● Work item
Look in the material below for the line holding "have e1 : unit_vec e.". Set it down exactly, with each later line up to and including the line holding "rewrite /schmidt_rank; have".

● Provided material
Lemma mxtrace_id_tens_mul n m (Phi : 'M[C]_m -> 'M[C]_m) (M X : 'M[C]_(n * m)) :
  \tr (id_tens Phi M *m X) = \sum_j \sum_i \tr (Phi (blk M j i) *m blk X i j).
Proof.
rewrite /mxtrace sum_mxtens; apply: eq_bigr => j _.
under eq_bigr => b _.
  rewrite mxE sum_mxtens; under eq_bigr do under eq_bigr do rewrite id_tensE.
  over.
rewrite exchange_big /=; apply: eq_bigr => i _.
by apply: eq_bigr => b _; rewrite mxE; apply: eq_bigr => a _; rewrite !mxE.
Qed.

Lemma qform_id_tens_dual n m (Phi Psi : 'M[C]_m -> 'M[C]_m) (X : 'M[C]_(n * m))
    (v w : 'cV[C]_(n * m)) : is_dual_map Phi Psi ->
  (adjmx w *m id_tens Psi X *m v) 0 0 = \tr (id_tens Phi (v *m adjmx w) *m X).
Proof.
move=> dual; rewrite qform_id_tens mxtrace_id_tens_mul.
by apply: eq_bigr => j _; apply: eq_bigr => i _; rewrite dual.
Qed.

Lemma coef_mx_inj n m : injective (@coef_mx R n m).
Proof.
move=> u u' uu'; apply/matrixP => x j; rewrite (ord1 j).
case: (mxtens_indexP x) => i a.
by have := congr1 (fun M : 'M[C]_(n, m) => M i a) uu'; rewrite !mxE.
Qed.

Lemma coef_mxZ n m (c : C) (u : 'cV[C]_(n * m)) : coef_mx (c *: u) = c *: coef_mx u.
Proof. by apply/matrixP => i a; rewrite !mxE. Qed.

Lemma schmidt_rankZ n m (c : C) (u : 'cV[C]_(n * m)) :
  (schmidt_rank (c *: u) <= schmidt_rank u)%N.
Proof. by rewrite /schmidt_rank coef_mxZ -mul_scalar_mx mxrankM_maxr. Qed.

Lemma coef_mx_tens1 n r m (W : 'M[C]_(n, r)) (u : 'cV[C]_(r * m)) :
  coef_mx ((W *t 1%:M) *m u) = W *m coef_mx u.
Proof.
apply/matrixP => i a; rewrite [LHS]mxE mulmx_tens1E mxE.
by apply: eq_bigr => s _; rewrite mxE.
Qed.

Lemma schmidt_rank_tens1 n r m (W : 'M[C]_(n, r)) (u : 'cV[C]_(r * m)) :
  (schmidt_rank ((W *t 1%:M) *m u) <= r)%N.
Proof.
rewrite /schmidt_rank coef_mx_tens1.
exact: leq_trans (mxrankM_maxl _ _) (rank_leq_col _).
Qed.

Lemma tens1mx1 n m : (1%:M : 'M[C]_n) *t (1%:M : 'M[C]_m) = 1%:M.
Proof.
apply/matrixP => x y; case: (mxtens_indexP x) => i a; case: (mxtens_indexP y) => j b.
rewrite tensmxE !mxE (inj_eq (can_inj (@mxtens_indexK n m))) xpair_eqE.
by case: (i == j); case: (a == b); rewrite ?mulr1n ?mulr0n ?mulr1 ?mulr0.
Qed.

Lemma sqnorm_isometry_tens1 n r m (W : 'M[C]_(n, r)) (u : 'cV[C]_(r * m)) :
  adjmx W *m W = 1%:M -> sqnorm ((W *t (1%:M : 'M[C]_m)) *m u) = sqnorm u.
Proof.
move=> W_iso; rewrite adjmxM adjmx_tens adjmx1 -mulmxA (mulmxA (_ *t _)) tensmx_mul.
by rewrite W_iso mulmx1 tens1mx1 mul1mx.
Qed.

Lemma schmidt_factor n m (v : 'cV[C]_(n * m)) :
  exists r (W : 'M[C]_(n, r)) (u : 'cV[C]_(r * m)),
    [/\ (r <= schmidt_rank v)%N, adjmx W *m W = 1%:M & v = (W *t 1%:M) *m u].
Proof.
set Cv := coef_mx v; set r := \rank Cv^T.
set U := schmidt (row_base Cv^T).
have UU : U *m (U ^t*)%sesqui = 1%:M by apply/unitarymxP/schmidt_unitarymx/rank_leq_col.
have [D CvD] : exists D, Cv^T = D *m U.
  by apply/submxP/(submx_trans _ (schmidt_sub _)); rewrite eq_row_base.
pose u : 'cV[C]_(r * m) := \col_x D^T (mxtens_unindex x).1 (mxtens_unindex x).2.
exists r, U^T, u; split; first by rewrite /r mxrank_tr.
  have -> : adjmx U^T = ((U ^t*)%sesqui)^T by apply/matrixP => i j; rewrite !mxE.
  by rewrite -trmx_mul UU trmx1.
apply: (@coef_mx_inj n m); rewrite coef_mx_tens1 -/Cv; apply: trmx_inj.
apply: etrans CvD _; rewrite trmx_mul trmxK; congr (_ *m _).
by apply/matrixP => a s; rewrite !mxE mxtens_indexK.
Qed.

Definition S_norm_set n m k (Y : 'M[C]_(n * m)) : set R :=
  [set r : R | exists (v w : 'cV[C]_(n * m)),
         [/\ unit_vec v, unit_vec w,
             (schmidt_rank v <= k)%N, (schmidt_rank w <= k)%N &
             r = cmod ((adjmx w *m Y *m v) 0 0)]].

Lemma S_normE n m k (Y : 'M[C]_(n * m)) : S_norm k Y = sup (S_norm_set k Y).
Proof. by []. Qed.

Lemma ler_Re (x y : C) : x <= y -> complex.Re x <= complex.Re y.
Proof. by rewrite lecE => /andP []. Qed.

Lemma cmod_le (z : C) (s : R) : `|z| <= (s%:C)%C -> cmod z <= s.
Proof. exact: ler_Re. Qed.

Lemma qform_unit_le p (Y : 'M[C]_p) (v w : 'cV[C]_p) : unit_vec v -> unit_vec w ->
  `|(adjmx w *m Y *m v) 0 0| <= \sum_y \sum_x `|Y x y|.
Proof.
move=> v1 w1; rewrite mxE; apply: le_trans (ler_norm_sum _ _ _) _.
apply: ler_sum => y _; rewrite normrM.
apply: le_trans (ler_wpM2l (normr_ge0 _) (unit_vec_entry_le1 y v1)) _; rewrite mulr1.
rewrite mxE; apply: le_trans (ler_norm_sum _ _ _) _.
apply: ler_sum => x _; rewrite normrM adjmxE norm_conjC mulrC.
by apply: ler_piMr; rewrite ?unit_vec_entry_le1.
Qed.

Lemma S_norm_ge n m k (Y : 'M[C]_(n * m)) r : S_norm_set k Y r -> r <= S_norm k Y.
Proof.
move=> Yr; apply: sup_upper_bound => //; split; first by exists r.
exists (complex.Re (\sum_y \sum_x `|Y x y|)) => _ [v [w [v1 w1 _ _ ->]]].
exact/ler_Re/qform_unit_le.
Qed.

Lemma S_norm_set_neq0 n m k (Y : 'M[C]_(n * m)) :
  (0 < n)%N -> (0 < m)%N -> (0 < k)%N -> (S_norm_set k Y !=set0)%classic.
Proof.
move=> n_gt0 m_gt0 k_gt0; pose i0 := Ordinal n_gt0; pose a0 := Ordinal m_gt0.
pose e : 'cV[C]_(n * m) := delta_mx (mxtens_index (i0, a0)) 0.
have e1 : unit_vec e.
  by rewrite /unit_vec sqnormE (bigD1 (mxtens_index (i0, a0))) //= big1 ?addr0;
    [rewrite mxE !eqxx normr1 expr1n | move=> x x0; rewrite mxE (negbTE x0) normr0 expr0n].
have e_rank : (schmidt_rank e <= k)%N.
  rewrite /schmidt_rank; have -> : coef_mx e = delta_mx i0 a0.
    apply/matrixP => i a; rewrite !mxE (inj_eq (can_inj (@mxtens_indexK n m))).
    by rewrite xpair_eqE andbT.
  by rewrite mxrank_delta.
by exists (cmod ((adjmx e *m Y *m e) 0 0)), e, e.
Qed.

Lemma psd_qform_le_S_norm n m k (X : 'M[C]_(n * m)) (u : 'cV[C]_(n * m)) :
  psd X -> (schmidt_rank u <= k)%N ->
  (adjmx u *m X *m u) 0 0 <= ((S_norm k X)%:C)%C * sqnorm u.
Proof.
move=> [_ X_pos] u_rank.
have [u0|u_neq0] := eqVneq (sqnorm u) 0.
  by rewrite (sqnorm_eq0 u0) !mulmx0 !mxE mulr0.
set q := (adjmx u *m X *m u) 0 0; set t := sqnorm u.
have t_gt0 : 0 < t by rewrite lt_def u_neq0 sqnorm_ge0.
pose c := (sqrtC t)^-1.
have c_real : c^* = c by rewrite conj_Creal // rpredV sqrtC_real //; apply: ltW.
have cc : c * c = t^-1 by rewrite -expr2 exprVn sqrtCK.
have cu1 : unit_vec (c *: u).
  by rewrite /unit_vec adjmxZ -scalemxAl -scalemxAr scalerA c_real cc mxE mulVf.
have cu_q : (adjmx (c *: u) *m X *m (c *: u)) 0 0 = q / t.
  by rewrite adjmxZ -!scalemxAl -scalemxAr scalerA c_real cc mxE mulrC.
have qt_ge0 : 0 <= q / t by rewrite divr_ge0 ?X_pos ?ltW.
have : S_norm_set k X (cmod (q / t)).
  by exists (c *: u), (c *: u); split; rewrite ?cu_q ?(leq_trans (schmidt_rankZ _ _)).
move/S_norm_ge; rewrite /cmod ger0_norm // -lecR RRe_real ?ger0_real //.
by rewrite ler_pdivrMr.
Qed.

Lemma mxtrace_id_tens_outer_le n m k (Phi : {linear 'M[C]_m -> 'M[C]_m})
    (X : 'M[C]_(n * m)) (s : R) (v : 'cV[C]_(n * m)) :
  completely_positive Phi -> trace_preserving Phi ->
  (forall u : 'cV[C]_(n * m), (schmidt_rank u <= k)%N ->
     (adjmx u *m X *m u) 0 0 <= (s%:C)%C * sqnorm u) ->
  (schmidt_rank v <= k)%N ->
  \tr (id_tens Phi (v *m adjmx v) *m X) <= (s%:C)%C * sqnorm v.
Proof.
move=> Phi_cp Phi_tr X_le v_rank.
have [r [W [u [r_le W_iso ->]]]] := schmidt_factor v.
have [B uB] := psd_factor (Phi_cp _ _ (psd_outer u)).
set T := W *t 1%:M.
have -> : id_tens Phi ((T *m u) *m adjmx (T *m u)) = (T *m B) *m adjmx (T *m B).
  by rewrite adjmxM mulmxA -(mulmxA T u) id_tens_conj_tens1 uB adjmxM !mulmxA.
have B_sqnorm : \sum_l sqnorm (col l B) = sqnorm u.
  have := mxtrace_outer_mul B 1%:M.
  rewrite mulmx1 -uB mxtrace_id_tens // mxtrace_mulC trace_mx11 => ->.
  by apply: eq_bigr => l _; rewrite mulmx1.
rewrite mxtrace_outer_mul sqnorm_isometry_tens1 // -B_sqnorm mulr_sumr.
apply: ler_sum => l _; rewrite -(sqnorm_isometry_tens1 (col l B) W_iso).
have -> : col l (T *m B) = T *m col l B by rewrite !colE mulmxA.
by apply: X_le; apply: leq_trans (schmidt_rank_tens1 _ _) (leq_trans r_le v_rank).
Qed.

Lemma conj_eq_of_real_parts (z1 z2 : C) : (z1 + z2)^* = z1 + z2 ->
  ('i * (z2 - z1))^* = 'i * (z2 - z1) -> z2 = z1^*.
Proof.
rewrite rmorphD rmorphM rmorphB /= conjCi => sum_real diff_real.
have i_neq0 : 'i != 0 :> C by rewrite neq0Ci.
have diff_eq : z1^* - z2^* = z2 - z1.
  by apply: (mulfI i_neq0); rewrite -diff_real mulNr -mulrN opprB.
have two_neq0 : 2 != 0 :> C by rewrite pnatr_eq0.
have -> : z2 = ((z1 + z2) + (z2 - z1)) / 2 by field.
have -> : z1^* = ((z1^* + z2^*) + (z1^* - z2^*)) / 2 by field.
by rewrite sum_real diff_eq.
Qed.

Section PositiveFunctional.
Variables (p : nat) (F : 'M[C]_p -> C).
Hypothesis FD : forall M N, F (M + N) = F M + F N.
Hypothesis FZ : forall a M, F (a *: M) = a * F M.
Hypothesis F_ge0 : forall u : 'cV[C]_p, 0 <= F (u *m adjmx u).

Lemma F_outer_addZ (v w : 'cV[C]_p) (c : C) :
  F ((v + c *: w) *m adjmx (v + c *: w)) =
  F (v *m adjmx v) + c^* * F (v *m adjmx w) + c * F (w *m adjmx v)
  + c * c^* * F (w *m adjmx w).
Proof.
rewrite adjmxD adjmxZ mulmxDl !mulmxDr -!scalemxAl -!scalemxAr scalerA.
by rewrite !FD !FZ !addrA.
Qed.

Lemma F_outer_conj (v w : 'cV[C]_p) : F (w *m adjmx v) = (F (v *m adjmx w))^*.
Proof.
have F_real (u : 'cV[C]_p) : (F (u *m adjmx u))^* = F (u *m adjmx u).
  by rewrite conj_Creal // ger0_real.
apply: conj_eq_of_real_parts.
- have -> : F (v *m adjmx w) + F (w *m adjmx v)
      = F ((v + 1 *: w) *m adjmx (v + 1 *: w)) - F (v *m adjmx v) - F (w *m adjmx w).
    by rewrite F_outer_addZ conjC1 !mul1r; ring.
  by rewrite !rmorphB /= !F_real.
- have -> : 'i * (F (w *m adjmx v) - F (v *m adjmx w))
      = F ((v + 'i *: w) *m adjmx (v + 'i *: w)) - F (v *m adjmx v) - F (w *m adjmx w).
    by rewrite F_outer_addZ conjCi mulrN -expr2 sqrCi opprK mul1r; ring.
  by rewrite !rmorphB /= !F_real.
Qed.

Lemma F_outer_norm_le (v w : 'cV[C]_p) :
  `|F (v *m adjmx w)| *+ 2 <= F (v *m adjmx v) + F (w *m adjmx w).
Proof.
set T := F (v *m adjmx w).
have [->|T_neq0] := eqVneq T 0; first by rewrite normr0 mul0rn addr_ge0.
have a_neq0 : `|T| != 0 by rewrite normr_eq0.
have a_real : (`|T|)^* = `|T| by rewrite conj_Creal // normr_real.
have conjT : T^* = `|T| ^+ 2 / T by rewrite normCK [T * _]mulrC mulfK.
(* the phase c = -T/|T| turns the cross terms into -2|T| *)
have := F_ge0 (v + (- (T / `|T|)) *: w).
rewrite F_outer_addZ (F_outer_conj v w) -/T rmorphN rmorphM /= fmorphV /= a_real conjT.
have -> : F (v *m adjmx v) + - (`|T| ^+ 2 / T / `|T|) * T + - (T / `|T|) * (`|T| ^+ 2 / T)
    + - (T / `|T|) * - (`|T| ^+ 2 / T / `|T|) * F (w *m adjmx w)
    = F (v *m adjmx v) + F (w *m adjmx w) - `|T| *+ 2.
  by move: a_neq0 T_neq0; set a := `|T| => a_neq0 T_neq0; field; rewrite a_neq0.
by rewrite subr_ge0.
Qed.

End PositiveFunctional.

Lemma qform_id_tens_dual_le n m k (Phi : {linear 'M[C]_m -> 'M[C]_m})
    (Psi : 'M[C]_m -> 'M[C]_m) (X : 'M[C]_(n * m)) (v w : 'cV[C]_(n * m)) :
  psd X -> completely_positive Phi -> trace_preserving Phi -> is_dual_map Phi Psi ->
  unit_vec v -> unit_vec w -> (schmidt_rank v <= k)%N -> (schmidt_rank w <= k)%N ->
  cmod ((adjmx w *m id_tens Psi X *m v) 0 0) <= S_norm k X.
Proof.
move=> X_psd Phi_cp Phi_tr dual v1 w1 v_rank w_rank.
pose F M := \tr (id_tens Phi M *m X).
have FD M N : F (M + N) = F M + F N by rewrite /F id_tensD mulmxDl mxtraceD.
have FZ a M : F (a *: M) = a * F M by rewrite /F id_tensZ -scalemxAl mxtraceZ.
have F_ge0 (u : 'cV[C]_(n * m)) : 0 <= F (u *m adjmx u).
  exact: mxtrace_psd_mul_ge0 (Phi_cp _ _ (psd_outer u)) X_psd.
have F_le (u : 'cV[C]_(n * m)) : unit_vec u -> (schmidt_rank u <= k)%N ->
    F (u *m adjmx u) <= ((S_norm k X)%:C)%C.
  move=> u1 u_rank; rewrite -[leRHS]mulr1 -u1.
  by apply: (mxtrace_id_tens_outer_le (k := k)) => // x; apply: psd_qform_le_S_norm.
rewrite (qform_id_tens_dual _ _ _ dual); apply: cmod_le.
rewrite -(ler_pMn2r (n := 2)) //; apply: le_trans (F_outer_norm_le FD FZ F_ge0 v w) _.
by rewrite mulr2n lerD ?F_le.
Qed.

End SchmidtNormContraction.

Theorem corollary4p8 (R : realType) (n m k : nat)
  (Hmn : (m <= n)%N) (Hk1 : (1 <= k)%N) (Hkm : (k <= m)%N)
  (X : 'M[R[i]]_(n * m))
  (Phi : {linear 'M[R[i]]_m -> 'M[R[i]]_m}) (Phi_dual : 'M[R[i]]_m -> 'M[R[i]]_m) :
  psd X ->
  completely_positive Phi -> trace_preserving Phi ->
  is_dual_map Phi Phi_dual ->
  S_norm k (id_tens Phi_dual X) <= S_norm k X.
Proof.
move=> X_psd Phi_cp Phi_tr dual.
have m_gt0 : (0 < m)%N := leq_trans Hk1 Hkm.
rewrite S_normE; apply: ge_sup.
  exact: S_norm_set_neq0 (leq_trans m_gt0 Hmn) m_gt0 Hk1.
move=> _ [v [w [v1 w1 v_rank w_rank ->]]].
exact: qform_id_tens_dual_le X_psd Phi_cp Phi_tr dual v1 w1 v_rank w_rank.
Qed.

● Exercise response
have e1 : unit_vec e.
  by rewrite /unit_vec sqnormE (bigD1 (mxtens_index (i0, a0))) //= big1 ?addr0;
    [rewrite mxE !eqxx normr1 expr1n | move=> x x0; rewrite mxE (negbTE x0) normr0 expr0n].
have e_rank : (schmidt_rank e <= k)%N.
  rewrite /schmidt_rank; have -> : coef_mx e = delta_mx i0 a0.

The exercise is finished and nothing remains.